3 ore fa, director12 ha scritto:

La metamorfosi è avvenuta. I 5 stelle non sono più i 5 stelle. O, meglio, non sono più quello che si spacciavano di essere, ma che con buona probabilità non sono mai stati.
In questi giorni confusi e accaldati Di Maio e soci stanno smontando, bullone per bullone, tutta la loro sbilenca macchina da guerra. Ma le macroscopiche abiure sono 5, come le stelle.

1. La democrazia diretta

Era un’ossessione. Avrebbero voluto installare nello sgabuzzino di ogni italiano un seggio elettorale per consultarci anche sul cambio di lampadine nei bagni di Montecitorio. Per anni hanno interpellato i loro iscritti su Rousseau su qualsiasi cosa (purché marginale). Uno stalking. Ora non solo hanno messo in soffitta la loro traballante piattaforma, ma stanno scappando dalla suprema forma di democrazia diretta: le elezioni. Meglio la democrazia indiretta, che ti fa governare anche con il Pd.

2. Lo streaming

Il piede di *** con cui scardinare tutti gli oscuri giochi di palazzo. La diretta dell’incontro con Bersani e il faccia a faccia con Renzi? Dimenticatele. Non le vedrete mai più.
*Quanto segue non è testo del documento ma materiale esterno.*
Fixpoint descent_weight (d : int -> int) (y : int) (s : seq step) : int :=
  match s with
  | [::] => 1
  | Up :: s' => descent_weight d (y + 1) s'
  | Flat :: s' => descent_weight d y s'
  | Down :: s' => d y * descent_weight d (y - 1) s'
  end.

Lemma weightE d y s : weight d y s = (descent_weight d y s)%:P * 'X^(flats s).
Proof.
rewrite /flats; elim: s y => [|a s IH] y /=; first by rewrite mulr1.
by case: a => /=; rewrite IH // ?exprS ?polyCM -?mulrA // mulrCA.
Qed.

Lemma descent_weight_nodown d y s : downs s = 0%N -> descent_weight d y s = 1.
Proof. by rewrite /downs; elim: s y => //= -[] s IH y //= /IH. Qed.

Lemma descent_weight_up_flat d y n f s :
  descent_weight d y (nseq n Up ++ nseq f Flat ++ s) = descent_weight d (y + n%:Z) s.
Proof.
elim: n y => [|n IH] y /=; first by rewrite addr0; elim: f.
by rewrite IH; congr descent_weight; lia.
Qed.

Lemma descent_weight_down d y n :
  descent_weight d y (nseq n Down) = \prod_(k < n) d (y - k%:Z).
Proof.
elim: n y => [|n IH] y /=; first by rewrite big_ord0.
rewrite big_ord_recl IH subr0; congr (_ * _); apply: eq_bigr => k _.
by rewrite lift0; congr d; lia.
Qed.

Definition coll_coef d m (sigma : collection m) : int :=
  \prod_(i < m) descent_weight d (Ppt i).2 (path_i sigma i).
Definition coll_flats m (sigma : collection m) : nat :=
  (\sum_(i < m) flats (path_i sigma i))%N.

Lemma coll_weightE d m (sigma : collection m) :
  coll_weight d sigma = (coll_coef d sigma)%:P * 'X^(coll_flats sigma).
Proof.
rewrite /coll_weight; under eq_bigr do rewrite weightE.
by rewrite big_split /= -rmorph_prod prodrXr.
Qed.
Ora, quando devono decidere le sorti del governo e delle loro poltrone, si chiudono in una stanza, tirano giù le tapparelle e mettono le assi di legno alle porte. È finita l’era della trasparenza, la nuova parola d’ordine è opacità.

3. Uno vale uno, uno vale l’altro

Era lo slogan degli slogan: uno vale uno. Finita l’era della casta, del politico appollaiato sulla sua torre d’avorio a sputacchiare sulle plebi. Uno dei cardini attorno al quale ruotava questo ragionamento era la volontà del Movimento di non scendere a patti con nessuno. Il primo smottamento lo avevamo già visto con il contratto gialloverde. Ora Di Maio, da bibitaro a panettiere, ha inaugurato l’era dei due forni: da una parte Pd, dall’altra la Lega. Purché si stia al governo va bene tutto. Uno vale l’altro.

4. Diversità antropologica

I grillini hanno sempre sostenuto di essere diversi. Un’altra cosa rispetto ai tradizionali politici. Una diversità antropologica e quasi spirituale. Puri. E poi vedi Di Maio che esce dalle consultazioni e fa un discorso in politichese che andrebbe sottotitolato e tradotto da una mummia della prima Repubblica. Si sono democristianizzati senza avere la cultura politica dei Dc.

5. Il governo contro il popolo

La nouvelle vague è stata inaugurata da Conte, ex avvocato del popolo autonominatosi giudice di Salvini. Il premier, parlando in Senato, pur di attaccare il leghista ha criticato chi invoca le piazze e usa i social per fare politica. Lui. Paracadutato a Palazzo Chigi da un movimento nato sul web e cresciuto sui social. Un movimento che ha aizzato le piazze e portato sotto i palazzi migliaia di persone al delicatissimo grido di «***». Da populisti ad anti popolo. Il passo è stato brevissimo.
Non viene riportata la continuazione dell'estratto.